太平洋戦争は、異なる文化間の戦いであることもこの書で描かれている。一方の行動の意図が、文化の異なる相手方に正しく伝わらないというのは悲劇。それは、今の時代もあって、国家間のチキンレースの様相を呈する事もある。
歴史を正しく学べば悲劇は避けられるのではないかと思うが、国家間の対立が起きているときは、その当事者は冷静さを失ってしまって、そんな事は無いんだろうな。
Posted by ブクログ
個人的には「失敗の本質」と双璧を成すと思う良書。
WWⅡにおけるヨーロッパでの戦いと太平洋での戦いを中心に各戦闘における特徴と共通点をあぶりだし、
それらがなぜ成功したのはもしくは長期的に見て敗北となったのかを考察している。
目次は
・奇襲
・抑止と挑発
・情報とタイミング
・戦争と革命
・攻勢と防御
・目的と手段
純軍事的な話も多く、はあ。。となって終わる部分も多いが
これは真理だと思う。
「戦略とは自己のもつ手段の限界に見あった次元に、政策目標の水準をさげる政治的英知である」
つまり、現実的にできなさそうにも関わらず
夢物語な目標を設定してしまうことが悲劇の始まりになる。
これはある意味、個人の生活にも言えるだろうし、
会社などの組織でもいえることだと思う。
大事なことはチャレンジと無謀を履き違えないことではないか。
Posted by ブクログ
歯切れが良くて面白い。といっても乱暴な簡略化をしているというわけでもない。
特に面白く思ったのは、クラウゼヴィッツ『戦争論』を読み込んで消化しきったレーニンが、そのエッセンスを国家間の戦いではなく、共産主義の階級闘争に応用したところ、その絶大なる効果のために20世紀後半に世界が苦しむことになったというくだり。

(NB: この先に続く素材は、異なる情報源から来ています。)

(* Let $C,D$ be simple $k$-string diagrams. Then $\pi(C)=\pi(D)$ if and only if $\ell_i(C)=\ell_i(D)$ for all $i$ and there exist permutations $\sigma_i\in\Sigma_{\ell_i(D)}$ ($1\le i\le k$; with $\sigma_0=\mathrm{id}_{\langle1\rangle}$), each order preserving on the fibres of $v^i(D)$ (i.e. $a<b$ and $v^i(D)(a)=v^i(D)(b)$ imply $\sigma_i(a)<\sigma_i(b)$), such that $v^i(C)=\sigma_{i-1}\circ v^i(D)\circ\sigma_i^{-1}$ for all $i$.
   Context: Write $\langle\ell\rangle=\{1<\dots<\ell\}$. A simple $k$-string diagram $D$ consists of natural numbers $\ell_0(D)=1,\ell_1(D),\dots,\ell_k(D)$ and arbitrary functions $v^i(D)\colon\langle\ell_i(D)\rangle\to\langle\ell_{i-1}(D)\rangle$; a globular $k$-pasting diagram is the same data with all $v^i$ order preserving. For a simple $k$-string diagram $D$ define orders $\overline{D}_i$ on the sets $\langle\ell_i(D)\rangle$ inductively: $\overline{D}_1=\langle\ell_1\rangle$ with its usual order, and $\overline{D}_{i+1}$ is the unique total order making $v^{i+1}\times\mathrm{id}\colon\overline{D}_{i+1}\to\overline{D}_i\times\langle\ell_{i+1}\rangle$ order preserving, the target carrying the lexicographic order ($(a,b)\le(a',b')$ iff $a<a'$, or $a=a'$ and $b\le b'$). Then all $v^i$ are order preserving for the orders $\overline{D}_i$, and $\pi(D)$ is the unique globular $k$-pasting diagram isomorphic to $(\overline{D}_k\to\cdots\to\overline{D}_1\to\langle1\rangle)$ via levelwise order-preserving bijections commuting with the maps. *)

From mathcomp Require Import all_boot.
Set Implicit Arguments. Unset Strict Implicit. Unset Printing Implicit Defensive.

(* Encoding: the set <l> = {1<...<l} is represented by {0,...,l-1} (nat),
   with the same (usual) order.  A k-string diagram is a record with
   ell i = l_i and v i : level i -> level (i-1) (meaningful only for
   1 <= i <= k and arguments a < ell i). *)
Record sdiag := SDiag { ell : nat -> nat ; v : nat -> nat -> nat }.

Definition is_sdiag (k : nat) (D : sdiag) : Prop :=
  ell D 0 = 1 /\
  forall i, 1 <= i <= k -> forall a, a < ell D i -> v D i a < ell D i.-1.

Definition is_globular (k : nat) (D : sdiag) : Prop :=
  is_sdiag k D /\
  forall i, 1 <= i <= k -> forall a b, a <= b < ell D i -> v D i a <= v D i b.

Definition diag_eq (k : nat) (C D : sdiag) : Prop :=
  (forall i, i <= k -> ell C i = ell D i) /\
  (forall i, 1 <= i <= k -> forall a, a < ell C i -> v C i a = v D i a).

(* The strict order of \overline{D}_i: \overline{D}_0 = <1> (trivial), and
   \overline{D}_{i+1} is pulled back along v^{i+1} x id from the lexicographic
   order on \overline{D}_i x <l_{i+1}>.  For i+1 = 1 this gives the usual order
   on <l_1>, since v^1 is constant. *)
Fixpoint dlt (D : sdiag) (i : nat) : nat -> nat -> bool :=
  match i with
  | 0 => fun _ _ => false
  | j.+1 => fun a b =>
      dlt D j (v D j.+1 a) (v D j.+1 b) || ((v D j.+1 a == v D j.+1 b) && (a < b))
  end.

Definition drank (D : sdiag) (i a : nat) : nat :=
  count (fun b => dlt D i b a) (iota 0 (ell D i)).

Definition dunrank (D : sdiag) (i r : nat) : nat :=
  nth 0 [seq a <- iota 0 (ell D i) | drank D i a == r] 0.

(* pi(D): transport of (\overline{D}_k -> ... -> \overline{D}_1 -> <1>) to the
   standard orders via the order-preserving bijections drank D i. *)
Definition piD (D : sdiag) : sdiag :=
  SDiag (ell D) (fun i r => drank D i.-1 (v D i (dunrank D i r))).

From mathcomp Require Import all_boot.
Set Implicit Arguments. Unset Strict Implicit. Unset Printing Implicit Defensive.

(* The rank [drank D i] is an order isomorphism from the level-[i] order of
   [D] onto the usual order of [<l_i>], so [pi(C) = pi(D)] says exactly that
   the bijections [drank C i^-1 \o drank D i] conjugate [v^i(D)] into [v^i(C)].
   They are order preserving on fibres, because on a fibre of [v^i] both
   level orders restrict to the usual order.  Conversely, permutations
   [sigma_i] as in the statement are, by induction on [i], order isomorphisms
   between the level orders of [D] and [C]; hence they preserve ranks, i.e.
   they are these same bijections. *)

Lemma perm_map_iota (f : nat -> nat) n :
  (forall a, a < n -> f a < n) -> {in [pred a | a < n] &, injective f} ->
  perm_eq [seq f a | a <- iota 0 n] (iota 0 n).
Proof.
move=> f_lt f_inj.
have f_uniq : uniq [seq f a | a <- iota 0 n].
  rewrite map_inj_in_uniq ?iota_uniq // => a b.
  by rewrite !mem_iota => ha hb; apply: f_inj.
have f_sub : {subset [seq f a | a <- iota 0 n] <= iota 0 n}.
  by move=> x /mapP [a]; rewrite !mem_iota /= => ha ->; apply: f_lt.
have [_ f_size] := uniq_min_size f_uniq f_sub (eq_leq (esym (size_map _ _))).
exact: uniq_perm f_uniq (iota_uniq 0 n) f_size.
Qed.

Section Rank.

Variables (lt : rel nat) (n : nat).

Definition rank a := count (fun b => lt b a) (iota 0 n).

Definition unrank r := nth 0 [seq a <- iota 0 n | rank a == r] 0.

Hypothesis lt_irr : irreflexive lt.

Lemma rank_lt_count (q : pred nat) a :
  a < n -> q a -> subpred (fun b => lt b a) q -> rank a < count q (iota 0 n).
Proof.
move=> ha qa lt_q; rewrite /rank -addn1.
have := count_predUI (fun b => lt b a) (pred1 a) (iota 0 n).
rewrite (@eq_count _ (predI _ _) pred0); last first.
  by move=> b /=; case: eqP => [->|]; rewrite ?lt_irr ?andbF.
rewrite count_pred0 addn0 (count_uniq_mem _ (iota_uniq 0 n)) mem_iota add0n ha.
move=> <-; apply: sub_count => b /=.
by case/orP => [/lt_q //|/eqP ->].
Qed.

Lemma rank_ltn a : a < n -> rank a < n.
Proof.
by move=> ha; rewrite -[n in _ < n](size_iota 0) -count_predT rank_lt_count.
Qed.

Hypothesis lt_trans : transitive lt.

Lemma rank_mono a b : a < n -> lt a b -> rank a < rank b.
Proof. by move=> ha ab; apply: rank_lt_count => // c ca; apply: lt_trans ab. Qed.

Hypothesis lt_total :
  forall a b, a < n -> b < n -> a != b -> lt a b || lt b a.

Lemma lt_rank a b : a < n -> b < n -> (rank a < rank b) = lt a b.
Proof.
move=> ha hb; apply/idP/idP => [rab|]; last exact: rank_mono.
have [eab|/(lt_total ha hb)/orP[//|ba]] := eqVneq a b.
  by rewrite eab ltnn in rab.
by have := rank_mono hb ba; rewrite ltnNge ltnW.
Qed.

Lemma rank_inj : {in [pred a | a < n] &, injective rank}.
Proof.
move=> a b ha hb eab; apply: contraTeq isT => /(lt_total ha hb)/orP[] lab.
  by rewrite -(lt_rank ha hb) eab ltnn in lab.
by rewrite -(lt_rank hb ha) eab ltnn in lab.
Qed.

Lemma unrank_spec r : r < n -> unrank r < n /\ rank (unrank r) = r.
Proof.
move=> hr; have := perm_mem (perm_map_iota rank_ltn rank_inj) r.
rewrite mem_iota hr => /mapP [a]; rewrite mem_iota /= => ha ear.
set s := [seq a <- iota 0 n | rank a == r].
have size_s : 0 < size s.
  by rewrite size_filter -has_count; apply/hasP; exists a; rewrite ?mem_iota ?ear.
have := mem_nth 0 size_s; rewrite mem_filter mem_iota /= => /andP [/eqP ? ?].
by rewrite /unrank -/s.
Qed.

Lemma unrank_ltn r : r < n -> unrank r < n.
Proof. by case/unrank_spec. Qed.

Lemma unrankK r : r < n -> rank (unrank r) = r.
Proof. by case/unrank_spec. Qed.

Lemma rankK a : a < n -> unrank (rank a) = a.
Proof.
move=> ha; have [hu hr] := unrank_spec (rank_ltn ha).
exact: rank_inj hu ha hr.
Qed.

End Rank.

Lemma rank_transport (lt lt' : rel nat) n (f : nat -> nat) :
  (forall a, a < n -> f a < n) -> {in [pred a | a < n] &, injective f} ->
  (forall a b, a < n -> b < n -> lt' (f a) (f b) = lt a b) ->
  forall a, a < n -> rank lt' n (f a) = rank lt n a.
Proof.
move=> f_lt f_inj f_iso a ha; rewrite /rank.
have /permP <- := perm_map_iota f_lt f_inj; rewrite count_map.
by apply: eq_in_count => b; rewrite mem_iota /= => hb; apply: f_iso.
Qed.

Lemma dlt_irr (D : sdiag) i : irreflexive (dlt D i).
Proof. by elim: i => [|i IH] a //=; rewrite IH eqxx ltnn. Qed.

Lemma dlt_trans (D : sdiag) i : transitive (dlt D i).
Proof.
elim: i => [|i IH] b a c //=.
case/orP=> [ab|/andP [/eqP eab ab]] /orP [bc|/andP [/eqP ebc bc]].
- by rewrite (IH _ _ _ ab bc).
- by rewrite -ebc ab.
- by rewrite eab bc.
- by rewrite eab ebc eqxx (ltn_trans ab bc) orbT.
Qed.

Lemma dlt_total k (D : sdiag) : is_sdiag k D -> forall i, i <= k ->
  forall a b, a < ell D i -> b < ell D i -> a != b -> dlt D i a b || dlt D i b a.
Proof.
move=> [ell0 v_lt]; elim=> [|i IH] hi a b ha hb nab /=.
  by move: ha hb nab; rewrite ell0; case: a; case: b.
have [eab|neab] := eqVneq (v D i.+1 a) (v D i.+1 b).
  by rewrite eab dlt_irr /= -neq_ltn.
rewrite !andFb !orbF.
apply: IH => //; first exact: ltnW.
all: by apply: v_lt; rewrite ?hi.
Qed.

Lemma dlt_fibre (D : sdiag) i a b :
  v D i.+1 a = v D i.+1 b -> dlt D i.+1 a b = (a < b).
Proof. by move=> /= ->; rewrite dlt_irr eqxx. Qed.

Lemma drank0 (D : sdiag) a : drank D 0 a = 0.
Proof. exact: count_pred0. Qed.

Section DiagramRank.

Variables (k : nat) (D : sdiag) (i : nat).
Hypotheses (HD : is_sdiag k D) (hi : i <= k).

Lemma drank_ltn a : a < ell D i -> drank D i a < ell D i.
Proof. exact: rank_ltn (@dlt_irr D i) a. Qed.

Lemma lt_drank a b : a < ell D i -> b < ell D i ->
  (drank D i a < drank D i b) = dlt D i a b.
Proof. exact: (lt_rank (@dlt_irr D i) (@dlt_trans D i) (dlt_total HD hi)). Qed.

Lemma drank_inj : {in [pred a | a < ell D i] &, injective (drank D i)}.
Proof. exact: (rank_inj (@dlt_irr D i) (@dlt_trans D i) (dlt_total HD hi)). Qed.

Lemma dunrank_ltn r : r < ell D i -> dunrank D i r < ell D i.
Proof. exact: (unrank_ltn (@dlt_irr D i) (@dlt_trans D i) (dlt_total HD hi)). Qed.

Lemma dunrankK r : r < ell D i -> drank D i (dunrank D i r) = r.
Proof. exact: (unrankK (@dlt_irr D i) (@dlt_trans D i) (dlt_total HD hi)). Qed.

Lemma drankK a : a < ell D i -> dunrank D i (drank D i a) = a.
Proof. exact: (rankK (@dlt_irr D i) (@dlt_trans D i) (dlt_total HD hi)). Qed.

End DiagramRank.

Definition rank_preserving (C D : sdiag) i (f : nat -> nat) : Prop :=
  forall a, a < ell D i -> f a < ell C i /\ drank C i (f a) = drank D i a.

Definition drank_transfer (C D : sdiag) i a := dunrank C i (drank D i a).

Definition fibre_mono_conj k (C D : sdiag) (sigma : nat -> nat -> nat) :=
  forall i, 0 < i <= k ->
    (forall a, a < ell D i -> sigma i a < ell D i) /\
    {in [pred a | a < ell D i] &, injective (sigma i)} /\
    (forall a b, a < b < ell D i -> v D i a = v D i b -> sigma i a < sigma i b) /\
    (forall a, a < ell D i -> v C i (sigma i a) = sigma i.-1 (v D i a)).

Section RankPreserving.

Variables (k : nat) (C D : sdiag).
Hypotheses (HC : is_sdiag k C) (HD : is_sdiag k D).
Hypothesis ellCD : forall i, i <= k -> ell C i = ell D i.

Lemma rank_preserving_inj i f : i <= k -> rank_preserving C D i f ->
  {in [pred a | a < ell D i] &, injective f}.
Proof.
move=> hi f_rk a b ha hb fab; apply: (drank_inj HD hi ha hb).
by rewrite -(f_rk a ha).2 -(f_rk b hb).2 fab.
Qed.

Lemma rank_preserving_dlt i f a b : i <= k -> rank_preserving C D i f ->
  a < ell D i -> b < ell D i -> dlt C i (f a) (f b) = dlt D i a b.
Proof.
move=> hi f_rk ha hb; have [fa ra] := f_rk a ha; have [fb rb] := f_rk b hb.
by rewrite -(lt_drank HC hi fa fb) ra rb (lt_drank HD hi ha hb).
Qed.

Lemma rank_preserving_dunrank i f r : i <= k -> rank_preserving C D i f ->
  r < ell D i -> f (dunrank D i r) = dunrank C i r.
Proof.
move=> hi f_rk hr; have [fa ra] := f_rk _ (dunrank_ltn HD hi hr).
by rewrite -(drankK HC hi fa) ra (dunrankK HD hi hr).
Qed.

Lemma rank_preserving_transfer i : i <= k ->
  rank_preserving C D i (drank_transfer C D i).
Proof.
move=> hi a ha; have hr : drank D i a < ell C i by rewrite ellCD ?drank_ltn.
by split; [apply: (dunrank_ltn HC hi) | apply: (dunrankK HC hi)].
Qed.

Lemma rank_preserving_of_dlt i f : i <= k ->
  (forall a, a < ell D i -> f a < ell D i) ->
  {in [pred a | a < ell D i] &, injective f} ->
  (forall a b, a < ell D i -> b < ell D i -> dlt C i (f a) (f b) = dlt D i a b) ->
  rank_preserving C D i f.
Proof.
move=> hi f_lt f_inj f_dlt a ha; rewrite ellCD // f_lt //; split=> //.
by rewrite /drank ellCD //; apply: (rank_transport f_lt f_inj f_dlt).
Qed.

Lemma eq_piD_levelP i f g : 0 < i <= k ->
  rank_preserving C D i f -> rank_preserving C D i.-1 g ->
  (forall r, r < ell C i -> v (piD C) i r = v (piD D) i r) <->
  (forall a, a < ell D i -> v C i (f a) = g (v D i a)).
Proof.
move=> hi f_rk g_rk; have hik : i <= k by case/andP: hi.
have hik1 : i.-1 <= k by apply: leq_trans (leq_pred i) hik.
have vD_lt a : a < ell D i -> v D i a < ell D i.-1 by apply: HD.2.
split=> [v_eq a ha | v_comm r hr] /=.
- have [fa ra] := f_rk a ha; have [ga ra1] := g_rk _ (vD_lt a ha).
  apply: (drank_inj HC hik1) => //; first exact: HC.2.
  have hr : drank D i a < ell C i by rewrite ellCD ?drank_ltn.
  have := v_eq _ hr.
  by rewrite /= -{1}ra (drankK HC hik fa) (drankK HD hik ha) ra1.
- rewrite ellCD // in hr; have ha := dunrank_ltn HD hik hr.
  rewrite -(rank_preserving_dunrank hik f_rk hr) v_comm //.
  exact: (g_rk _ (vD_lt _ ha)).2.
Qed.

Lemma commuting_fibre_mono i f g : 0 < i <= k -> rank_preserving C D i f ->
  (forall a, a < ell D i -> v C i (f a) = g (v D i a)) ->
  forall a b, a < b < ell D i -> v D i a = v D i b -> f a < f b.
Proof.
case: i => [//|j] hj f_rk f_comm a b /andP [ab hb] vab.
have ha : a < ell D j.+1 := ltn_trans ab hb.
rewrite -(@dlt_fibre C j) ?f_comm ?vab // (rank_preserving_dlt _ f_rk) //.
by rewrite dlt_fibre.
Qed.

Lemma fibre_mono_conj_rank_preserving sigma :
  sigma 0 0 = 0 -> fibre_mono_conj k C D sigma ->
  forall i, i <= k -> rank_preserving C D i (sigma i).
Proof.
move=> s0 s_hyp; elim=> [_ a | i IH hi].
  by rewrite HD.1 ltnS leqn0 => /eqP ->; rewrite s0 HC.1 !drank0.
have [s_lt [s_inj [s_fib s_comm]]] := s_hyp i.+1 hi.
have s_rk := IH (ltnW hi); have vD_lt a : a < ell D i.+1 -> v D i.+1 a < ell D i.
  by apply: HD.2.
apply: rank_preserving_of_dlt => // a b ha hb /=.
rewrite !s_comm // (rank_preserving_dlt (ltnW hi) s_rk) ?vD_lt //.
rewrite (inj_in_eq (rank_preserving_inj (ltnW hi) s_rk)) ?inE ?vD_lt //.
case: eqP => //= vab; congr (_ || _).
case: (ltngtP a b) => [ab|ba|->]; last exact: ltnn.
- by apply: s_fib; rewrite ?ab.
- by apply/negbTE; rewrite -leqNgt ltnW // s_fib ?ba.
Qed.

End RankPreserving.

Theorem mainTheorem5 (k : nat) (C D : sdiag) :
  is_sdiag k C -> is_sdiag k D ->
  (diag_eq k (piD C) (piD D) <->
   ((forall i, i <= k -> ell C i = ell D i) /\
    exists sigma : nat -> nat -> nat,
      sigma 0 0 = 0 /\
      (forall i, 1 <= i <= k ->
         (forall a, a < ell D i -> sigma i a < ell D i) /\
         {in [pred a | a < ell D i] &, injective (sigma i)} /\
         (forall a b, a < b < ell D i -> v D i a = v D i b ->
            sigma i a < sigma i b) /\
         (forall a, a < ell D i -> v C i (sigma i a) = sigma i.-1 (v D i a))))).
Proof.
move=> HC HD; split=> [[ellCD v_eq] | [ellCD [sigma [s0 s_hyp]]]].
- have tau_rk := @rank_preserving_transfer k C D HC ellCD.
  have tau_comm i : 0 < i <= k -> forall a, a < ell D i ->
      v C i (drank_transfer C D i a) = drank_transfer C D i.-1 (v D i a).
    move=> hi; have hik : i <= k by case/andP: hi.
    have hik1 : i.-1 <= k := leq_trans (leq_pred i) hik.
    have := eq_piD_levelP HC HD ellCD hi (tau_rk i hik) (tau_rk i.-1 hik1).
    by case=> + _; apply; apply: v_eq.
  split=> //; exists (drank_transfer C D); split.
    have lt0 : 0 < ell D 0 by rewrite HD.1.
    have [+ _] := tau_rk 0 (leq0n k) 0 lt0.
    by rewrite HC.1 ltnS leqn0 => /eqP.
  move=> i hi; have hik : i <= k by case/andP: hi.
  split; first by move=> a ha; rewrite -ellCD //; apply: (tau_rk i hik a ha).1.
  split; first exact: (rank_preserving_inj HD hik (tau_rk i hik)).
  split; last exact: tau_comm.
  exact: (commuting_fibre_mono HC HD hi (tau_rk i hik) (tau_comm i hi)).
- have s_rk := fibre_mono_conj_rank_preserving HC HD ellCD s0 s_hyp.
  split=> // i hi; have hik : i <= k by case/andP: hi.
  have hik1 : i.-1 <= k := leq_trans (leq_pred i) hik.
  apply: (eq_piD_levelP HC HD ellCD hi (s_rk i hik) (s_rk i.-1 hik1)).2.
  by case: (s_hyp i hi) => _ [_ []].
Qed.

ナイーブな民衆や「自由主義者・進歩主義のインテリ」を、反論し難い正義感や倫理観の衣をまぶした暴力思想に感染させ、結果として世界の進歩を遅らせたレーニンの罪は重かろう。
現代でも、階級闘争は、環境保護運動に姿を変え、ナイーブな知識人や大衆を惑わし続けている。システムとして環境保護や反核を推し進めているきっかけを創り出した一握りの人々は、環境破壊防止ではなく、もっと利己的なあるいは独善的な欲望を隠しているに違いない。・・というと陰謀史観みたいだが・・。